• [WHAT IS EXPECTED]
Below is a listing. Quote from it, exactly, the lines from the one containing "case: L => [|[|L]] // _." down to the one containing "case: eqVneq =>", both ends included, and nothing else.

★ ★ ★ ★

Lemma glue_bnc_free {a j b p q} : a < j < b -> b <= n.+1 ->
  p \in bnc_capped a j -> q \in bnc_on j b ->
  glue p q \in bnc_free a b /\ reach a (glue p q) = j.
Proof.
move=> /andP[aj jb] bn; rewrite [p \in _]inE => /andP[pW pj] qW.
have an : a <= n.+1 by lia.
have jn : j <= n.+1 by lia.
have Ap := bnc_onP pW; have Aq := bnc_onP qW.
have hv : is_BNC (glue p q).1 (glue p q).2.
  move: pW qW; rewrite !inE => /andP[hp _] /andP[hq _].
  apply: is_BNC_glue hp hq _ => x y xp yq.
  by have [_ _ _ xj] := Ap x xp; have [_ _ jy _] := Aq y yq; lia.
split.
  rewrite inE [_ \in bnc_on _ _]inE hv coloured_glue in_setU negb_or /=.
  apply/and3P; split.
  - apply/insideP => x /setUP[/Ap|/Aq] [_ x12 ? ?]; by split; lia.
  - by apply/negP => /Ap[_ _ _]; rewrite chord2 //; lia.
  - by apply/negP => /Aq[_ _]; rewrite chord1 //; lia.
apply: reach_eq => //.
  by rewrite coloured_glue in_setU; case/orP: pj => ->; rewrite ?orbT.
move=> x; rewrite coloured_glue => /setUP[/Ap[_ _ _ xj] //|/Aq[_ _ jx _] x1].
by move: jx; rewrite x1; lia.
Qed.

Lemma bnc_glueK {a j b p q} : p \in bnc_on a j -> q \in bnc_on j b ->
  restrict (below j) (glue p q) = p /\ restrict (predC (below j)) (glue p q) = q.
Proof.
move=> /bnc_onP Ap /bnc_onP Aq; apply: restrict_glue => x.
  by case/Ap.
by case/Aq=> _ x12 jx _; rewrite /= -ltnNge; lia.
Qed.

Lemma card_bnc_free_reach a j b : a < j < b -> b <= n.+1 ->
  #|[set BR in bnc_free a b | reach a BR == j]| =
    #|bnc_capped a j| * #|bnc_on j b|.
Proof.
move=> ajb bn; have ab : a.+1 < b by lia.
rewrite -cardsX.
have -> : [set BR in bnc_free a b | reach a BR == j] =
    [set glue pq.1 pq.2 | pq in setX (bnc_capped a j) (bnc_on j b)].
  apply/setP => BR; rewrite inE; apply/andP/imsetP => [[hF /eqP hj]|].
    have [hp hq] := bnc_free_cut ab bn hF; rewrite hj in hp hq.
    exists (restrict (below j) BR, restrict (predC (below j)) BR).
      by apply/setXP.
    by rewrite glue_restrict.
  case=> -[p q] /setXP[hp hq] ->.
  by have [-> ->] := glue_bnc_free ajb bn hp hq; split.
have capped_on c p : p \in bnc_capped a c -> p \in bnc_on a c.
  by rewrite inE => /andP[].
apply: card_in_imset => -[p q] -[p' q'] /setXP[/capped_on hp hq].
move=> /setXP[/capped_on hp' hq'] /= e.
have [lp rq] := bnc_glueK hp hq; have [lp' rq'] := bnc_glueK hp' hq'.
by congr pair; [rewrite -lp -lp' e | rewrite -rq -rq' e].
Qed.

Lemma card_bnc_free_rec a b : a.+1 < b -> b <= n.+1 ->
  #|bnc_free a b| = \sum_(a.+1 <= j < b) #|bnc_capped a j| * #|bnc_on j b|.
Proof.
move=> ab bn; rewrite -sum1_card.
transitivity (\sum_(BR in bnc_free a b)
    \sum_(a.+1 <= j < b) (if j == reach a BR then 1 else 0)).
  apply: eq_bigr => BR hF.
  by rewrite -big_mkcond big_nat1_eq reach_gt (reach_lt ab hF).
rewrite exchange_big /=; apply: eq_big_nat => j ajb.
rewrite -card_bnc_free_reach // -sum1_card -big_mkcondr /=.
by apply: eq_bigl => BR; rewrite !inE eq_sym.
Qed.

End IntervalConfigurations.

Lemma double_card_bnc_free_rec L : 1 < L ->
  (forall k, 0 < k < L -> forall n a, 1 <= a -> a + k <= n.+1 ->
     2 * #|bnc_free n a (a + k)| = h k + (k == 1)) ->
  forall n a, 1 <= a -> a + L <= n.+1 ->
  2 * #|bnc_free n a (a + L)| =
    \sum_(1 <= k < L) (h k + (k == 1)) * (3 * h (L - k) + (L - k == 1)).
Proof.
move=> L1 IH n a a1 aL.
rewrite card_bnc_free_rec ?big_distrr /=; [|lia|lia].
rewrite -{1}(add1n a) big_addn (_ : a + L - a = L); last lia.
apply: eq_big_nat => k /andP[k1 kL].
have capped : #|bnc_capped n a (k + a)| = h k + (k == 1).
  by rewrite card_bnc_capped 1?addnC ?IH //; lia.
have on : 2 * #|bnc_on n (k + a) (a + L)| = 3 * h (L - k) + (L - k == 1).
  have -> : a + L = (k + a) + (L - k) by lia.
  rewrite card_bnc_on ?is_diagonal_chord; try lia.
  rewrite mulnCA IH; try lia.
  have -> : (k + a == 1) = false by apply/eqP; lia.
  have [e|ne] := eqVneq (L - k) 1; first by rewrite e addn1 eqxx.
  have -> : k + a + (L - k) != (k + a).+1 by apply/eqP; lia.
  by rewrite /= !addn0.
by rewrite mulnCA on capped.
Qed.

Lemma h_bnc_free L : 1 < L -> h L = 2 * #|bnc_free L 1 (1 + L)|.
Proof.
case: L => [|[|L]] // _.
have -> : h L.+2 = #|bnc_on L.+2 1 (1 + L.+2)|.
  apply: eq_card => -[B R]; rewrite !inE /=.
  case hv: (is_BNC B R) => //=; apply/esym/insideP => x xC.
  by have := is_BNC_arc _ hv xC; case: x xC => [[i ?] [j ?]] /= *; lia.
by rewrite card_bnc_on // is_diagonal_chord // add1n !eqxx /=.
Qed.

Lemma double_card_bnc_free L n a : 0 < L -> 1 <= a -> a + L <= n.+1 ->
  2 * #|bnc_free n a (a + L)| = h L + (L == 1).
Proof.
elim/ltn_ind: L n a => L IH n a L0 a1 aL.
have [->|L1] := eqVneq L 1; first by rewrite addn1 card_bnc_free_edge //; lia.
have IH' k : 0 < k < L -> forall n a, 1 <= a -> a + k <= n.+1 ->
    2 * #|bnc_free n a (a + k)| = h k + (k == 1).
  by case/andP=> k0 kL m b; apply: IH.
have L2 : 1 < L by lia.
rewrite (double_card_bnc_free_rec _ L2 IH') // h_bnc_free //.
by rewrite (double_card_bnc_free_rec _ L2 IH') // addn0.
Qed.

Lemma h_rec L : 1 < L ->
  h L = \sum_(1 <= k < L) (h k + (k == 1)) * (3 * h (L - k) + (L - k == 1)).
Proof.
move=> L1; rewrite h_bnc_free // double_card_bnc_free_rec // => k /andP[k0 _] m b.
exact: double_card_bnc_free.
Qed.

Lemma sum_nat_indicator (F : nat -> nat) m p i : m <= i < p ->
  \sum_(m <= k < p) (k == i) * F k = F i.
Proof.
move=> hi; rewrite (eq_bigr (fun k => if k == i then F k else 0)).
  by rewrite -big_mkcond big_nat1_eq hi.
by move=> k _; case: eqP; rewrite ?mul1n.
Qed.

Lemma h_quadratic m :
  h m = 3 * (\sum_(i < m.+1) h i * h (m - i)) + 4 * h m.-1 + (m == 1) + (m == 2).
Proof.
have [|m1] := leqP m 1; first by case: m => [|[|]] //; rewrite !big_ord_recl big_ord0.
have -> : \sum_(i < m.+1) h i * h (m - i) = \sum_(1 <= k < m) h k * h (m - k).
  rewrite -(big_mkord xpredT (fun i => h i * h (m - i))) big_ltn // big_nat_recr /=.
    by rewrite subnn muln0 addn0.
  lia.
rewrite h_rec // (eq_big_nat _ _ (F2 := fun k =>
    3 * (h k * h (m - k)) + (k == m.-1) * h k + (k == 1) * (3 * h m.-1 + (m == 2)))).
  rewrite !big_split big1_eq /= !sum_nat_indicator ?(negbTE (gtn_eqF m1)); lia.
move=> k /andP[k1 km]; have -> : (m - k == 1) = (k == m.-1) by apply/eqP/eqP; lia.
case: eqVneq => [->|_]; last by rewrite /= !addn0; nia.
have -> : (1 == m.-1) = (m == 2) by apply/eqP/eqP; lia.
by rewrite subn1 /=; lia.
Qed.

Local Open Scope ring_scope.

Lemma fps_XE m : fps_X m = (m == 1)%N.
Proof. by rewrite /fps_X; case: (m == 1)%N. Qed.

Lemma fps_mulX (f : fps) m : f 0%N = 0 -> fps_mul fps_X f m = f m.-1.
Proof.
move=> f0; rewrite /fps_mul; case: m => [|k]; first by rewrite big_ord1 mul0r.
rewrite !big_ord_recl /= /fps_X /= mul0r mul1r add0r subSS subn0 big1 ?addr0 //.
by move=> i _; rewrite mul0r.
Qed.

Lemma fps_mul1 (f : fps) m : fps_mul (fps_const 1) f m = f m.
Proof.
rewrite /fps_mul big_ord_recl /= mul1r subn0 big1 ?addr0 //.
by move=> i _; rewrite mul0r.
Qed.

Lemma fps_mulDl (f g k : fps) m :
  fps_mul (fps_add f g) k m = fps_mul f k m + fps_mul g k m.
Proof. by rewrite -big_split; apply: eq_bigr => i _; rewrite mulrDl. Qed.

Lemma fps_mulNl (f k : fps) m : fps_mul (fps_opp f) k m = - fps_mul f k m.
Proof. by rewrite -sumrN; apply: eq_bigr => i _; rewrite mulNr. Qed.

Lemma fps_mulZl c (f k : fps) m : fps_mul (fps_scale c f) k m = c * fps_mul f k m.
Proof. by rewrite mulr_sumr; apply: eq_bigr => i _; rewrite mulrA. Qed.

Lemma Hser_sqr m : fps_mul Hser Hser m = (\sum_(i < m.+1) h i * h (m - i))%N.
Proof.
rewrite /fps_mul /Hser; apply/esym.
by elim/big_rec2: _ => // i a b _ <-; rewrite PoszD PoszM.
Qed.

Theorem proposition2p9 :
  fps_add
    (fps_add
       (fps_add (fps_opp fps_X) (fps_opp (fps_mul fps_X fps_X)))
       (fps_mul (fps_add (fps_const 1) (fps_opp (fps_scale 4 fps_X))) Hser))
    (fps_opp (fps_scale 3 (fps_mul Hser Hser)))
  = fps_zero.
Proof.
apply: functional_extensionality => m.
rewrite /fps_add /fps_opp /fps_scale /fps_zero.
rewrite fps_mulDl fps_mulNl fps_mulZl fps_mul1 !fps_mulX // Hser_sqr /Hser !fps_XE.
have -> : (m.-1 == 1)%N = (m == 2)%N by case: m => [|[|[|]]].
have := h_quadratic m; lia.
Qed.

★ ★ ★ ★

• [REPLY]
case: L => [|[|L]] // _.
have -> : h L.+2 = #|bnc_on L.+2 1 (1 + L.+2)|.
  apply: eq_card => -[B R]; rewrite !inE /=.
  case hv: (is_BNC B R) => //=; apply/esym/insideP => x xC.
  by have := is_BNC_arc _ hv xC; case: x xC => [[i ?] [j ?]] /= *; lia.
by rewrite card_bnc_on // is_diagonal_chord // add1n !eqxx /=.
Qed.

Lemma double_card_bnc_free L n a : 0 < L -> 1 <= a -> a + L <= n.+1 ->
  2 * #|bnc_free n a (a + L)| = h L + (L == 1).
Proof.
elim/ltn_ind: L n a => L IH n a L0 a1 aL.
have [->|L1] := eqVneq L 1; first by rewrite addn1 card_bnc_free_edge //; lia.
have IH' k : 0 < k < L -> forall n a, 1 <= a -> a + k <= n.+1 ->
    2 * #|bnc_free n a (a + k)| = h k + (k == 1).
  by case/andP=> k0 kL m b; apply: IH.
have L2 : 1 < L by lia.
rewrite (double_card_bnc_free_rec _ L2 IH') // h_bnc_free //.
by rewrite (double_card_bnc_free_rec _ L2 IH') // addn0.
Qed.

Lemma h_rec L : 1 < L ->
  h L = \sum_(1 <= k < L) (h k + (k == 1)) * (3 * h (L - k) + (L - k == 1)).
Proof.
move=> L1; rewrite h_bnc_free // double_card_bnc_free_rec // => k /andP[k0 _] m b.
exact: double_card_bnc_free.
Qed.

Lemma sum_nat_indicator (F : nat -> nat) m p i : m <= i < p ->
  \sum_(m <= k < p) (k == i) * F k = F i.
Proof.
move=> hi; rewrite (eq_bigr (fun k => if k == i then F k else 0)).
  by rewrite -big_mkcond big_nat1_eq hi.
by move=> k _; case: eqP; rewrite ?mul1n.
Qed.

Lemma h_quadratic m :
  h m = 3 * (\sum_(i < m.+1) h i * h (m - i)) + 4 * h m.-1 + (m == 1) + (m == 2).
Proof.
have [|m1] := leqP m 1; first by case: m => [|[|]] //; rewrite !big_ord_recl big_ord0.
have -> : \sum_(i < m.+1) h i * h (m - i) = \sum_(1 <= k < m) h k * h (m - k).
  rewrite -(big_mkord xpredT (fun i => h i * h (m - i))) big_ltn // big_nat_recr /=.
    by rewrite subnn muln0 addn0.
  lia.
rewrite h_rec // (eq_big_nat _ _ (F2 := fun k =>
    3 * (h k * h (m - k)) + (k == m.-1) * h k + (k == 1) * (3 * h m.-1 + (m == 2)))).
  rewrite !big_split big1_eq /= !sum_nat_indicator ?(negbTE (gtn_eqF m1)); lia.
move=> k /andP[k1 km]; have -> : (m - k == 1) = (k == m.-1) by apply/eqP/eqP; lia.
case: eqVneq => [->|_]; last by rewrite /= !addn0; nia.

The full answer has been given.